Tuesday 19 July 2022

IWWAZ (1943 Jacques Tourneur)

It was 36°C today. There's quite a lot of opacity to this tale - Tom Conway's wife (Christine Gordon, her only performance) cannot be a zombie - yet when she is stabbed, she doesn't bleed. And what was going on with her - was she about to leave him for his brother, drunkard James Ellison?

Tourneur met Val Lewton when both were working for David Selznick on David Copperfield in 1935. When Lewton set up his mini-studio at RKO, producing that series of intelligent and atmospheric horror films, Tourneur was his first choice, and he directed Cat People, this and The Leopard Man, all of which are terrific - but for pure atmosphere, and its subtext of island culture and slavery, this one takes the cake. And eats it, if that doesn't scramble metaphors too badly.
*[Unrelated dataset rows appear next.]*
(* E[X - e_0(W) | W = w, X >= x]
   = E[(X - e_0(w)) 1{X >= x} | W = w] / P(X >= x | W = w) *)
Definition condE_tail (w : TW) (x : R) : R :=
  condE (fun t _ => (t - e0 w) * (if x <= t then 1 else 0)) w /
  condE (fun t _ => (if x <= t then 1 else 0)) w.

Definition omega_num (w : TW) (x : R) : R := condE_tail w x * (1 - cdfXW w x).

Definition omega (w : TW) (x : R) : R :=
  (f w x)^-1 *
  (omega_num w x / Rintegral lebesgue_measure `[a, b] (omega_num w)).

End Model.

From HB Require Import structures.
From mathcomp Require Import all_boot all_order all_algebra.
From mathcomp Require Import all_classical all_reals all_analysis.
From mathcomp Require Import measurable_realfun.
From mathcomp Require Import ring lra.
Import Order.TTheory GRing.Theory Num.Theory.
Import numFieldNormedType.Exports.
Local Open Scope classical_set_scope.
Local Open Scope ring_scope.

(* Fix w and write p for the density of X given W = w and m = e0 w.  The
   numerator of omega is G(x) = E[(X - m) 1{X >= x} | W = w].  Exchanging the
   integrals over the triangle {x <= t} and applying the fundamental theorem
   of calculus, for every C^1 function H on [a, b]
     int_a^b G(x) H'(x) dx = E[(X - m) (H(X) - H(a)) | W = w] = C(X, H(X) | W = w),
   because E[X - m | W = w] = 0.  With H = id this identifies the denominator
   of omega with v0 w; with H = h(., u), integrated in u against the law of U
   given W = w (independent of X by (iv)), it yields
   b0 w = E[omega(W, X) dh(X, U) | W = w].  Integrating over W concludes. *)

Section integral_off_null.
Context {d} {T : measurableType d} {R : realType} (mu : {measure set T -> \bar R}).
Variable N : set T.
Hypotheses (mN : measurable N) (N0 : mu N = 0%E).
Local Open Scope ereal_scope.
Import HBNNSimple.

(* No measurability is needed: a simple function below [f] may be cut off on
   [N] without changing its integral. *)
Lemma ge0_le_integral_off_null (f g : T -> \bar R) :
  (forall x, 0 <= f x) -> (forall x, 0 <= g x) -> (forall x, ~ N x -> f x <= g x) ->
  \int[mu]_x f x <= \int[mu]_x g x.
Proof.
move=> f0 g0 fg; rewrite (ge0_integralTE _ f0) (ge0_integralTE _ g0).
apply/ge_ereal_sup => /= _ -[s /= sf <-].
have mNC : measurable (~` N) by exact: measurableC.
pose s' := proj_nnsfun s mNC.
have -> : sintegral mu s = sintegral mu s'.
  have sE (k : {nnsfun T >-> R}) : sintegral mu k = \int[mu]_x (k x)%:E.
    by rewrite integral_nnsfun// patch_setT.
  rewrite !sE; apply: ae_eq_integral => //;
    try by apply/measurable_EFinP; exact: measurable_funTS.
  exists N; split => // x /= sx; apply: contrapT => Nx; apply: sx => _.
  by rewrite mindicE mem_set ?mulr1.
apply: ereal_sup_ubound; exists s' => //= x; rewrite mindicE.
case: (boolP (x \in ~` N)) => [/set_mem Nx|_]; last by rewrite mulr0.
by rewrite mulr1 (le_trans (sf x) (fg x Nx)).
Qed.

Lemma eq_integral_off_null (D : set T) (f g : T -> \bar R) :
  (forall x, D x -> ~ N x -> f x = g x) ->
  \int[mu]_(x in D) f x = \int[mu]_(x in D) g x.
Proof.
move=> fg; rewrite integral_mkcond [RHS]integral_mkcond integralE [RHS]integralE.
have fgD x : ~ N x -> (f \_ D) x = (g \_ D) x.
  by move=> Nx; rewrite !patchE; case: ifPn => // /set_mem Dx; rewrite fg.
by congr (_ - _); apply/eqP; rewrite eq_le;
  apply/andP; split; apply: ge0_le_integral_off_null => // x /fgD;
  rewrite ?funeposE ?funenegE => ->.
Qed.

End integral_off_null.

Lemma measure_setC_eq0 {d} {T : measurableType d} {R : realType}
    (m : {measure set T -> \bar R}) (S : set T) :
  measurable S -> m setT = 1%E -> m S = 1%E -> m (~` S) = 0%E.
Proof.
move=> mS mT mS1; have mTf : (m setT < +oo)%E by rewrite mT ltry.
rewrite -setTD (measureD measurableT mS mTf) setTI.
by rewrite -(@subee _ 1%E)//; congr (_ - _)%E.
Qed.

Lemma measurable_fun_param_integral {d1 d2} {T1 : measurableType d1}
    {T2 : measurableType d2} {R : realType}
    (m : {sigma_finite_measure set T2 -> \bar R}) (D : set T2) (k : T1 * T2 -> R) :
  measurable D -> measurable_fun setT k ->
  measurable_fun setT (fun x => (\int[m]_(y in D) (k (x, y))%:E)%E).
Proof.
move=> mD mk.
pose K p := (k p * \1_D p.2)%:E.
have -> : (fun x => (\int[m]_(y in D) (k (x, y))%:E)%E) = fubini_F m K.
  apply/funext => x; rewrite /fubini_F [LHS]integral_mkcond; apply: eq_integral => y _.
  by rewrite /K patchE indicE; case: ifPn; rewrite ?mulr1 ?mulr0.
have -> : fubini_F m K = fun x => (fubini_F m K^\+ x - fubini_F m K^\- x)%E.
  apply/funext => x; rewrite /fubini_F [LHS]integralE.
  by congr (_ - _)%E; apply: eq_integral => y _; rewrite ?funeposE ?funenegE.
have mK : measurable_fun setT K.
  apply/measurable_EFinP; apply: measurable_funM => //.
  by apply: measurableT_comp; [exact: measurable_indic|exact: measurable_snd].
by apply: emeasurable_funB; apply: measurable_fun_fubini_tonelli_F => //;
  [exact: measurable_funepos|exact: measurable_funeneg].
Qed.

Lemma normrM_le_sqr {R : realDomainType} (p q : R) : `|p * q| <= p ^+ 2 + q ^+ 2.
Proof.
rewrite normrM -(real_normK (num_real p)) -(real_normK (num_real q)).
apply: le_trans (leif_mean_square_scaled `|p| `|q|).
by rewrite mulr2n lerDl mulr_ge0.
Qed.

Section Rintegral_bounds.
Context {d} {T : measurableType d} {R : realType} (mu : {measure set T -> \bar R}).
Variable D : set T.
Hypothesis mD : measurable D.

Lemma integral_EFin_Rintegral (F : T -> R) : mu.-integrable D (EFin \o F) ->
  (\int[mu]_(x in D) (F x)%:E)%E = (\int[mu]_(x in D) F x)%:E.
Proof. by move=> iF; rewrite fineK//; exact: integrable_fin_num. Qed.

Lemma integrableZl_EFin (c : R) (F : T -> R) : mu.-integrable D (EFin \o F) ->
  mu.-integrable D (EFin \o (fun x => c * F x)).
Proof.
by move=> /(integrableZl mD c); apply: eq_integrable => // x _; rewrite /= EFinM.
Qed.

Lemma integrableD_EFin (F G : T -> R) :
  mu.-integrable D (EFin \o F) -> mu.-integrable D (EFin \o G) ->
  mu.-integrable D (EFin \o (fun x => F x + G x)).
Proof.
by move=> iF iG; apply: eq_integrable (integrableD mD iF iG) => // x _; rewrite /= EFinD.
Qed.

Lemma integrableB_EFin (F G : T -> R) :
  mu.-integrable D (EFin \o F) -> mu.-integrable D (EFin \o G) ->
  mu.-integrable D (EFin \o (fun x => F x - G x)).
Proof.
by move=> iF iG; apply: eq_integrable (integrableB mD iF iG) => // x _; rewrite /= EFinB.
Qed.

Lemma normr_Rintegral_le (F G : T -> R) :
  mu.-integrable D (EFin \o F) -> mu.-integrable D (EFin \o G) ->
  (forall x, D x -> `|F x| <= G x) ->
  `|\int[mu]_(x in D) F x| <= \int[mu]_(x in D) G x.
Proof.
move=> iF iG FG; apply: le_trans (le_normr_Rintegral mD iF) _.
by apply: le_Rintegral => //; exact: integrable_norm.
Qed.

End Rintegral_bounds.

Lemma measurable_fun_if_le {d} {T : measurableType d} {R : realType} (F G : T -> R) :
  measurable_fun setT F -> measurable_fun setT G ->
  measurable_fun setT (fun x => if F x <= G x then 1 else 0 : R).
Proof. by move=> mF mG; apply: measurable_fun_ifT => //; exact: measurable_fun_ler. Qed.

Lemma normr_mul_if10 {R : numDomainType} (x : R) (b : bool) :
  `|x * (if b then 1 else 0)| <= `|x|.
Proof. by case: b; rewrite ?mulr1 ?mulr0 ?normr0. Qed.

Section segment_integrals.
Context {R : realType}.
Local Notation mu := (@lebesgue_measure R).
Variables a b : R.
Let I := `[a, b]%classic : set R.
Let mI : measurable I. Proof. exact: measurable_itv. Qed.

Lemma bounded_integrable_segment (g : R -> R) (M : R) :
  measurable_fun I g -> (forall x, x \in `[a, b] -> `|g x| <= M) ->
  mu.-integrable I (EFin \o g).
Proof.
move=> mg gM; apply: measurable_bounded_integrable => //.
  exact/compact_finite_measure/segment_compact.
by exists M; split; rewrite ?num_real// => y /ltW My x /gM /le_trans; apply.
Qed.

Lemma continuous_bounded_segment (k : R -> R) : {within I, continuous k} ->
  exists M, forall x, x \in `[a, b] -> `|k x| <= M.
Proof.
move=> ck; have [M [_ kM]] := compact_bounded (continuous_compact ck (@segment_compact _ a b)).
exists (`|M| + 1) => x xI; apply: kM; last by exists x.
by rewrite (le_lt_trans (ler_norm M)) ?ltrDl.
Qed.

Section segment_Fubini.
Variables (M : R) (phi : R * R -> R).
Hypothesis mphi : measurable_fun setT phi.
Hypothesis phiM : forall x y, x \in `[a, b] -> y \in `[a, b] -> `|phi (x, y)| <= M.

Let Phi := (EFin \o phi) \_ (I `*` I).

Let integrable_Phi : (mu \x mu)%E.-integrable setT Phi.
Proof.
apply: (integrable_mkcond (mu := (mu \x mu)%E) (EFin \o phi) (measurableX mI mI)).1.
apply: measurable_bounded_integrable => //; first exact: measurableX.
- have muI : (mu I < +oo)%E by exact/compact_finite_measure/segment_compact.
  set II := (X in (X < _)%E).
  have -> : II = (mu I * mu I)%E by apply: product_measure1E.
  by rewrite lte_mul_pinfty// ge0_fin_numE.
- exact: measurable_funTS.
- exists M; split; rewrite ?num_real// => y My [x t] [xI tI] /=.
  by apply: le_trans (ltW My); apply: phiM.
Qed.

Let integrable_section1 x : x \in `[a, b] ->
  mu.-integrable I (EFin \o (fun y => phi (x, y))).
Proof.
move=> xI; apply: (bounded_integrable_segment _ M) => [|y yI]; last exact: phiM.
by apply: measurable_funTS; have := measurable_fun_pair2 x mphi; apply.
Qed.

Let integrable_section2 y : y \in `[a, b] ->
  mu.-integrable I (EFin \o (fun x => phi (x, y))).
Proof.
move=> yI; apply: (bounded_integrable_segment _ M) => [|x xI]; last exact: phiM.
by apply: measurable_funTS; have := measurable_fun_pair1 y mphi; apply.
Qed.

Let Phi_section1 x : (\int[mu]_y Phi (x, y))%E =
  ((fun x => (\int[mu]_(y in I) phi (x, y))%:E) \_ I) x.
Proof.
rewrite patchE; case: ifPn => xI.
  rewrite -integral_EFin_Rintegral//; last exact: integrable_section1 (set_mem xI).
  by rewrite integral_mkcond; apply: eq_integral => y _; rewrite /Phi !patchE in_setX xI.
rewrite -[RHS](integral0 mu setT); apply: eq_integral => y _.
by rewrite /Phi patchE in_setX (negbTE xI).
Qed.

Let Phi_section2 y : (\int[mu]_x Phi (x, y))%E =
  ((fun y => (\int[mu]_(x in I) phi (x, y))%:E) \_ I) y.
Proof.
rewrite patchE; case: ifPn => yI.
  rewrite -integral_EFin_Rintegral//; last exact: integrable_section2 (set_mem yI).
  by rewrite integral_mkcond; apply: eq_integral => x _; rewrite /Phi !patchE in_setX yI andbT.
rewrite -[RHS](integral0 mu setT); apply: eq_integral => x _.
by rewrite /Phi patchE in_setX (negbTE yI) andbF.
Qed.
Frances Dee is the nurse, Edith Barrett the enigmatic Mrs Rand. Sir Lancelot seems like a nice polite man, but when he finds Dee on her own, he's almost threatening her with his calypso (Q says warning). Theresa Harris is charming as the maid, Darby Jones memorable as Carrefour (was he stoned, or had the RKO medics given him starey potion?) I love that moment when he's at the house, advancing, and there's a close shot of him that's quite out of focus - it doesn't matter, in fact it may have been deliberate. As I've said before it's possibly J Roy Hunt's finest hour and is one of the most texturally interesting examples of cinema photography ever.


Love those wind-powered hanging flute bowl things, same sort of principle as an Aeolian Harp.